Тем временем пришли к нему граждане Магнесии и Тралл сдавать свои города. Он послал к ним Пармениона, дав ему 2500 пехотинцев-чужеземцев и примерно столько же македонцев и около 3200 всадников– «друзей»; Алкимаха, сына Агафокла, он послал с неменьшими силами к эолийским городам и тем ионийцам, которые еще находились под властью варваров.
(2) Он приказал всюду уничтожать олигархию, восстанавливать демократическое правление, разрешать всем жить по их законам и снять подати, которые платились варварам. Сам он остался в Эфесе, принес жертву Артемиде и устроил в ее честь торжественное шествие, в котором участвовало все войско, вооруженное и выстроенное, как для сражения.
(3) На следующий день, взяв остальную пехоту, лучников, агриан, фракийских всадников, царскую илу «друзей» и к ней еще три других, он выступил к Милету. Так называемый внешний город, оставленный гарнизоном, он взял с ходу, расположился там лагерем и решил осаждать внутренний город, обведя его стеной. (4) Дело в том, что Гегесистрат, которому царь поручил охрану Милета, писал раньше Александру, что он сдает Милет.
Теперь он осмелел, так как персидское войско было уже недалеко, и стал думать, как сохранить город для персов. Никанор, командующий эллинским флотом, опередил персов: на три дня раньше их пришел к Милету со своими 160 кораблями и бросил якорь у острова Лады, который лежит возле Милета.

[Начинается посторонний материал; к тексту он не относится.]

(* Consider the SEIRUC system \[ \begin{aligned} S'(t)&=\Lambda-\frac{\beta S(t)}{N(t)}\bigl(I(t)+U(t)+R(t)\bigr)-\delta S(t),\\ E'(t)&=\frac{\beta S(t)}{N(t)}\bigl(I(t)+U(t)+R(t)\bigr)-(a+\delta_1+c_1)E(t),\\ I'(t)&=aE(t)-(\gamma+\delta_2+c_2)I(t),\\ R'(t)&=\gamma q I(t)-(\delta_3+c_3)R(t)+\eta U(t),\\ U'(t)&=\gamma(1-q)I(t)-(\delta_4+c_4)U(t)-\eta U(t),\\ C'(t)&=c_1E(t)+c_2I(t)+c_3R(t)+c_4U(t)-\delta_5C(t), \end{aligned} \] where $N(t)=S(t)+E(t)+I(t)+R(t)+U(t)+C(t)$. Let $\theta_1=a+\delta_1+c_1$, $\theta_2=\gamma+\delta_2+c_2$, $\theta_3=\delta_3+c_3$, $\theta_4=\delta_4+c_4+\eta$, $\mathcal{P}=\gamma(1-q)(\eta+\theta_3)+\theta_4(\theta_3+q\gamma)$, and \[ \mathcal{R}_0=\frac{a\beta\Lambda\mathcal{P}}{N\delta\theta_1\theta_2\theta_3\theta_4}, \] where $N=\Lambda/\delta$ is the total population at the disease-free equilibrium (so $\mathcal{R}_0=\frac{a\beta\mathcal{P}}{\theta_1\theta_2\theta_3\theta_4}$). Then the disease-free equilibrium $\mathcal{E}_0=(\Lambda/\delta,0,0,0,0,0)$ is locally asymptotically stable if $\mathcal{R}_0<1$ and unstable if $\mathcal{R}_0>1$.
   Context: All parameters $\Lambda,\beta,\delta,a,\gamma,\eta,\delta_1,\dots,\delta_5,c_1,\dots,c_4$ are positive constants and $q\in[0,1]$. $\mathcal{R}_0$ is the basic reproduction number, obtained as the spectral radius of the next-generation matrix. *)

From Stdlib Require Import Reals.
From Coquelicot Require Import Coquelicot.
Open Scope R_scope.

Record params := mkParams {
  Lambda : R; beta : R; delta : R; a : R; gamma : R; eta : R; q : R;
  delta1 : R; delta2 : R; delta3 : R; delta4 : R; delta5 : R;
  c1 : R; c2 : R; c3 : R; c4 : R }.

Definition admissible (p : params) : Prop :=
  0 < Lambda p /\ 0 < beta p /\ 0 < delta p /\ 0 < a p /\ 0 < gamma p /\
  0 < eta p /\ 0 < delta1 p /\ 0 < delta2 p /\ 0 < delta3 p /\
  0 < delta4 p /\ 0 < delta5 p /\ 0 < c1 p /\ 0 < c2 p /\ 0 < c3 p /\
  0 < c4 p /\ 0 <= q p <= 1.

Record state := mkState { sS : R; sE : R; sI : R; sR : R; sU : R; sC : R }.

Definition totalN (x : state) : R :=
  sS x + sE x + sI x + sR x + sU x + sC x.

Definition force (p : params) (x : state) : R :=
  beta p * sS x / totalN x * (sI x + sU x + sR x).

Definition fS (p : params) (x : state) : R :=
  Lambda p - force p x - delta p * sS x.
Definition fE (p : params) (x : state) : R :=
  force p x - (a p + delta1 p + c1 p) * sE x.
Definition fI (p : params) (x : state) : R :=
  a p * sE x - (gamma p + delta2 p + c2 p) * sI x.
Definition fR (p : params) (x : state) : R :=
  gamma p * q p * sI x - (delta3 p + c3 p) * sR x + eta p * sU x.
Definition fU (p : params) (x : state) : R :=
  gamma p * (1 - q p) * sI x - (delta4 p + c4 p) * sU x - eta p * sU x.
Definition fC (p : params) (x : state) : R :=
  c1 p * sE x + c2 p * sI x + c3 p * sR x + c4 p * sU x - delta5 p * sC x.

Definition theta1 (p : params) := a p + delta1 p + c1 p.
Definition theta2 (p : params) := gamma p + delta2 p + c2 p.
Definition theta3 (p : params) := delta3 p + c3 p.
Definition theta4 (p : params) := delta4 p + c4 p + eta p.
Definition PP (p : params) :=
  gamma p * (1 - q p) * (eta p + theta3 p) + theta4 p * (theta3 p + q p * gamma p).
Definition Ndfe (p : params) := Lambda p / delta p.
Definition basic_R0 (p : params) :=
  a p * beta p * Lambda p * PP p /
  (Ndfe p * delta p * theta1 p * theta2 p * theta3 p * theta4 p).

Definition E0 (p : params) : state := mkState (Lambda p / delta p) 0 0 0 0 0.

Definition dist_st (x y : state) : R :=
  Rmax (Rabs (sS x - sS y)) (Rmax (Rabs (sE x - sE y)) (Rmax (Rabs (sI x - sI y))
  (Rmax (Rabs (sR x - sR y)) (Rmax (Rabs (sU x - sU y)) (Rabs (sC x - sC y)))))).

Definition is_solution (p : params) (x : R -> state) : Prop :=
  (forall t, 0 < t ->
     is_derive (fun s => sS (x s)) t (fS p (x t)) /\
     is_derive (fun s => sE (x s)) t (fE p (x t)) /\
     is_derive (fun s => sI (x s)) t (fI p (x t)) /\
     is_derive (fun s => sR (x s)) t (fR p (x t)) /\
     is_derive (fun s => sU (x s)) t (fU p (x t)) /\
     is_derive (fun s => sC (x s)) t (fC p (x t))) /\
  (forall eps, 0 < eps -> exists d, 0 < d /\
     forall t, 0 <= t < d -> dist_st (x t) (x 0) < eps).

Definition lyapunov_stable (p : params) (e : state) : Prop :=
  forall eps, 0 < eps -> exists d, 0 < d /\
    forall x, is_solution p x -> dist_st (x 0) e < d ->
      forall t, 0 <= t -> dist_st (x t) e < eps.

Definition locally_attractive (p : params) (e : state) : Prop :=
  exists d, 0 < d /\
    forall x, is_solution p x -> dist_st (x 0) e < d ->
      forall eps, 0 < eps -> exists T, forall t, T <= t -> dist_st (x t) e < eps.

Definition locally_asymptotically_stable (p : params) (e : state) : Prop :=
  lyapunov_stable p e /\ locally_attractive p e.

Definition unstable (p : params) (e : state) : Prop := ~ lyapunov_stable p e.

From Stdlib Require Import Reals Lra Lia Classical.
From Coquelicot Require Import Coquelicot.
Open Scope R_scope.
Lemma RiemannInt_trajectory t : alpha < t < beta -> t <> 0 ->
  forall pr : Riemann_integrable v 0 t,
  RiemannInt pr = (A0 c0 c1 v0 + Rabs a) * t ^ 2 * Q (t * l) (cos_theta1 a c0 c1 v0) + v0 * t.
Proof.
  intros Ht Ht0 pr.
  rewrite (RiemannInt_is_derive velocity_primitive v alpha beta t pr H0 Ht
             is_derive_velocity_primitive
             (fun x Hx => continuity_pt_is_derive _ _ _ (is_derive_solution x Hx))).
  exact (velocity_primitive_sub t Ht0 (cos_phase_pos t Ht)).
Qed.

End Solution.

End Trajectory.

Lemma monomial_bound (s c r : R) (m j : nat) :
  Rabs s <= r -> 0 <= c <= 1 -> - r ^ m <= s ^ m * c ^ j <= r ^ m.
Proof.
  intros Hs Hc. apply Rabs_le_between. rewrite Rabs_mult, <- !RPow_abs, (Rabs_pos_eq c) by lra.
  assert (Hsm : Rabs s ^ m <= r ^ m) by (apply pow_incr; split; [apply Rabs_pos|exact Hs]).
  assert (Hcj : c ^ j <= 1) by (rewrite <- (pow1 j); apply pow_incr; lra).
  assert (0 <= Rabs s ^ m) by (apply pow_le, Rabs_pos).
  assert (0 <= c ^ j) by (apply pow_le; lra).
  nra.
Qed.

(* Lets lra bound a polynomial in monomial form by the weights of its coefficients. *)
Ltac bound_monomials s c Hs Hc :=
  repeat match goal with
  | |- context [s ^ ?m * c ^ ?j] =>
      lazymatch goal with
      | _ : _ <= s ^ m * c ^ j <= _ |- _ => fail
      | _ => pose proof (monomial_bound s c _ m j Hs Hc)
      end
  end.

Section TaylorQ.

Variable c : R.
Hypothesis Hc : 0 <= c <= 1.

Lemma sigmaQ_sq : sigmaQ c ^ 2 = 1 - c ^ 2.
Proof. apply pow2_sqrt. nra. Qed.

Lemma sigmaQ_bound : 0 <= sigmaQ c <= 1.
Proof. pose proof sigmaQ_sq. split; [apply sqrt_pos|]. pose proof (sqrt_pos (1 - c ^ 2)). unfold sigmaQ in *. nra. Qed.

Lemma is_derive_csin s : is_derive (fun s => csin s c) s (c * cos (s * sigmaQ c)).
Proof.
  unfold csin. destruct (Req_dec_T (sigmaQ c) 0) as [H0|H0].
  - assert (c = 1) by (pose proof sigmaQ_sq; rewrite H0 in *; nra).
    rewrite H0, Rmult_0_r, cos_0. subst c. rewrite Rmult_1_l. exact (is_derive_id s).
  - auto_derive; [easy|]. field. exact H0.
Qed.

Lemma sigmaQ_sq_csin s : sigmaQ c ^ 2 * csin s c = c * sigmaQ c * sin (s * sigmaQ c).
Proof.
  unfold csin. destruct (Req_dec_T (sigmaQ c) 0) as [H0|H0]; [rewrite H0; ring|field; exact H0].
Qed.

(5) Персидские суда запоздали; навархи, узнав о том, что Никанор уже стоит у Лады, бросили якорь у горы Микале. Александр еще раньше захватил Ладу в расчете, что здесь будет не только пристань для судов; он высадил здесь тысяч до четырех фракийцев и других чужеземцев.

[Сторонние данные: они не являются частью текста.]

Lemma resolvent_dist n p : C p -> `|u n - p| ^+ 2 <= `|x n - p| ^+ 2 - `|x n - u n| ^+ 2.
Proof.
move=> Cp; have := resolvent_ip_le0 n Cp.
have : `|x n - p| ^+ 2 =
    `|x n - u n| ^+ 2 + `|u n - p| ^+ 2 - 2 * ip (x n - u n) (p - u n).
  exact (law_of_cosines ipP _ _ _).
lra.
Qed.

Lemma fejer n p : C p -> `|x n.+1 - p| ^+ 2 <= `|x n - p| ^+ 2 -
  alpha n * beta n * (`|x n - u n| ^+ 2 + (1 - beta n) * `|x n - S (u n)| ^+ 2).
Proof.
move=> Cp; have [[pE Sp] _] := Cp; have [xE yE] := iterates_in_E n.
have /andP[a0 a1] := alpha01 n; have /andP[b0 b1] := beta01 n.
have Sy : `|S (yn n) - p| ^+ 2 <= `|yn n - p| ^+ 2.
  rewrite ler_sqr ?nnegrE //; exact (hybrid_quasi_nonexpansive S_hybrid (conj pE Sp) yE).
have Su : `|S (u n) - p| ^+ 2 <= `|u n - p| ^+ 2.
  by rewrite ler_sqr ?nnegrE //; exact (hybrid_quasi_nonexpansive S_hybrid (conj pE Sp) (u_resolvent n).1).
have x_eq : `|x n.+1 - p| ^+ 2 = (1 - alpha n) * `|x n - p| ^+ 2 +
    alpha n * `|S (yn n) - p| ^+ 2 - alpha n * (1 - alpha n) * `|x n - S (yn n)| ^+ 2.
  by rewrite x_succ; exact (sqr_norm_convex ipP _ _ _ _).
have y_eq : `|yn n - p| ^+ 2 = (1 - beta n) * `|x n - p| ^+ 2 +
    beta n * `|S (u n) - p| ^+ 2 - beta n * (1 - beta n) * `|x n - S (u n)| ^+ 2.
  exact (sqr_norm_convex ipP _ _ _ _).
have Su_le := ler_wpM2l b0 (le_trans Su (resolvent_dist n Cp)).
have y_le : `|yn n - p| ^+ 2 <= `|x n - p| ^+ 2 -
    beta n * (`|x n - u n| ^+ 2 + (1 - beta n) * `|x n - S (u n)| ^+ 2) by lra.
have := ler_wpM2l a0 (le_trans Sy y_le).
have : 0 <= alpha n * (1 - alpha n) * `|x n - S (yn n)| ^+ 2.
  by rewrite !mulr_ge0 ?subr_ge0.
lra.
Qed.

Lemma dist_step n p : C p -> `|x n.+1 - p| <= `|x n - p|.
Proof.
move=> Cp; rewrite -ler_sqr ?nnegrE //; apply: le_trans (fejer n Cp) _.
have /andP[a0 _] := alpha01 n; have /andP[b0 b1] := beta01 n.
rewrite lerBlDr lerDl !mulr_ge0 ?addr_ge0 ?mulr_ge0 ?subr_ge0 ?sqr_ge0 //.
Qed.

Lemma dist_noninc p m n : C p -> (m <= n)%N -> `|x n - p| <= `|x m - p|.
Proof.
by move=> Cp; apply: (nonincreasing_seqP (fun k => `|x k - p|)).1 => k; exact: dist_step.
Qed.

Let Mu := `|x0 - p0| + `|p0|.
(* Consider the discrete setting (finite state, TRV and input spaces) with horizon $T$, parameter $\beta>0$, and Problem OPT as defined in the context. Fix $t\in\{0,\dots,T-1\}$. A necessary condition for $q_t(\tilde{x}\mid x)$ to be optimal for OPT is that $$q_t(\tilde{x}_t\mid x_t)=\frac{q_t(\tilde{x}_t)\exp\big(-\beta\,\mathbb{E}(\nu_{t+1}+c_t\mid x_t,\tilde{x}_t)\big)}{Z_t(x_t)},$$ where $\nu_T(x_T)=c_T(x_T)$, $$\nu_t(x_t)=\mathbb{E}(c_t+\nu_{t+1}\mid x_t)+\frac{1}{\beta}\mathrm{KL}\big(q_t(\tilde{x}_t\mid x_t)\,\|\,q_t(\tilde{x}_t)\big),$$ $$Z_t(x_t)=\sum_{\tilde{x}}q_t(\tilde{x})\exp\big(-\beta\,\mathbb{E}(c_t+\nu_{t+1}\mid x_t,\tilde{x})\big).$$
   Context: The system has finite state space $\mathcal{X}$, TRV space $\tilde{\mathcal{X}}$, input space $\mathcal{U}$, known transition probabilities $p_t(x_{t+1}\mid x_t,u_t)$, costs $c_t(x,u)$ for $t<T$ and terminal cost $c_T(x)$. Decision variables are stochastic maps $q_t(\tilde{x}\mid x)$ and policies $\pi_t(u\mid\tilde{x})$; the state distributions $p_t(x)$ satisfy the forward equations $p_t(x_{t+1}\mid x_t)=\sum_{u,\tilde{x}}p_t(x_{t+1}\mid x_t,u)\pi_t(u\mid\tilde{x})q_t(\tilde{x}\mid x_t)$ and $p_{t+1}(x_{t+1})=\sum_x p_t(x_{t+1}\mid x)p_t(x)$, and $q_t(\tilde{x})=\sum_x q_t(\tilde{x}\mid x)p_t(x)$. Problem OPT: minimize $\sum_{t=0}^{T}\big[\mathbb{E}_{p_t}c_t(x_t,u_t)+\frac{1}{\beta}\mathbb{I}(x_t;\tilde{x}_t)\big]$ with $\mathbb{I}(x_t;\tilde{x}_t)=\sum_{x,\tilde{x}}q_t(\tilde{x}\mid x)p_t(x)\log\frac{q_t(\tilde{x}\mid x)}{q_t(\tilde{x})}$. Conditional expectations are: $\mathbb{E}(c_t+\nu_{t+1}\mid x,\tilde{x})=\sum_u\pi_t(u\mid\tilde{x})\big[c_t(x,u)+\sum_{x'}p_t(x'\mid x,u)\nu_{t+1}(x')\big]$ and $\mathbb{E}(c_t+\nu_{t+1}\mid x)=\sum_{\tilde{x}}q_t(\tilde{x}\mid x)\,\mathbb{E}(c_t+\nu_{t+1}\mid x,\tilde{x})$. ''Necessary condition'' refers to the first-order necessary conditions for optimality of the Lagrangian of OPT. *)

From HB Require Import structures.
From mathcomp Require Import all_boot all_order all_algebra.
From mathcomp Require Import reals.
From mathcomp.analysis Require Import sequences exp.
Set Implicit Arguments. Unset Strict Implicit. Unset Printing Implicit Defensive.
Import Order.TTheory GRing.Theory Num.Theory.
Local Open Scope ring_scope.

У варваров было 300 кораблей, (6) но тем не менее Парменион советовал Александру
(7) Александр ответил, что мнение Пармениона ошибочно, а его толкование знамения противно вероятию. Бессмысленно маленькому флоту вступать в сражение с гораздо большим, и его неопытным морякам идти на искусившихся в морском деле киприотов и финикийцев.
(8) Он не желает, чтобы отвага и опытность македонцев оказались ни к чему в этой неверной стихии и перед лицом варваров. И поражение на море принесет немалый вред, так как умалит славу их первых воинских дел; кроме того, и эллины заволнуются и поднимутся при известии об этой неудаче на морс. (9) Обдумав все это, он и заявляет, что морская битва сейчас несвоевременна. Божественное же знамение он истолковал иначе: орел послан ради него, но так как он сидел на земле, то это скорее знаменует, что он одолеет персидский флот с суши.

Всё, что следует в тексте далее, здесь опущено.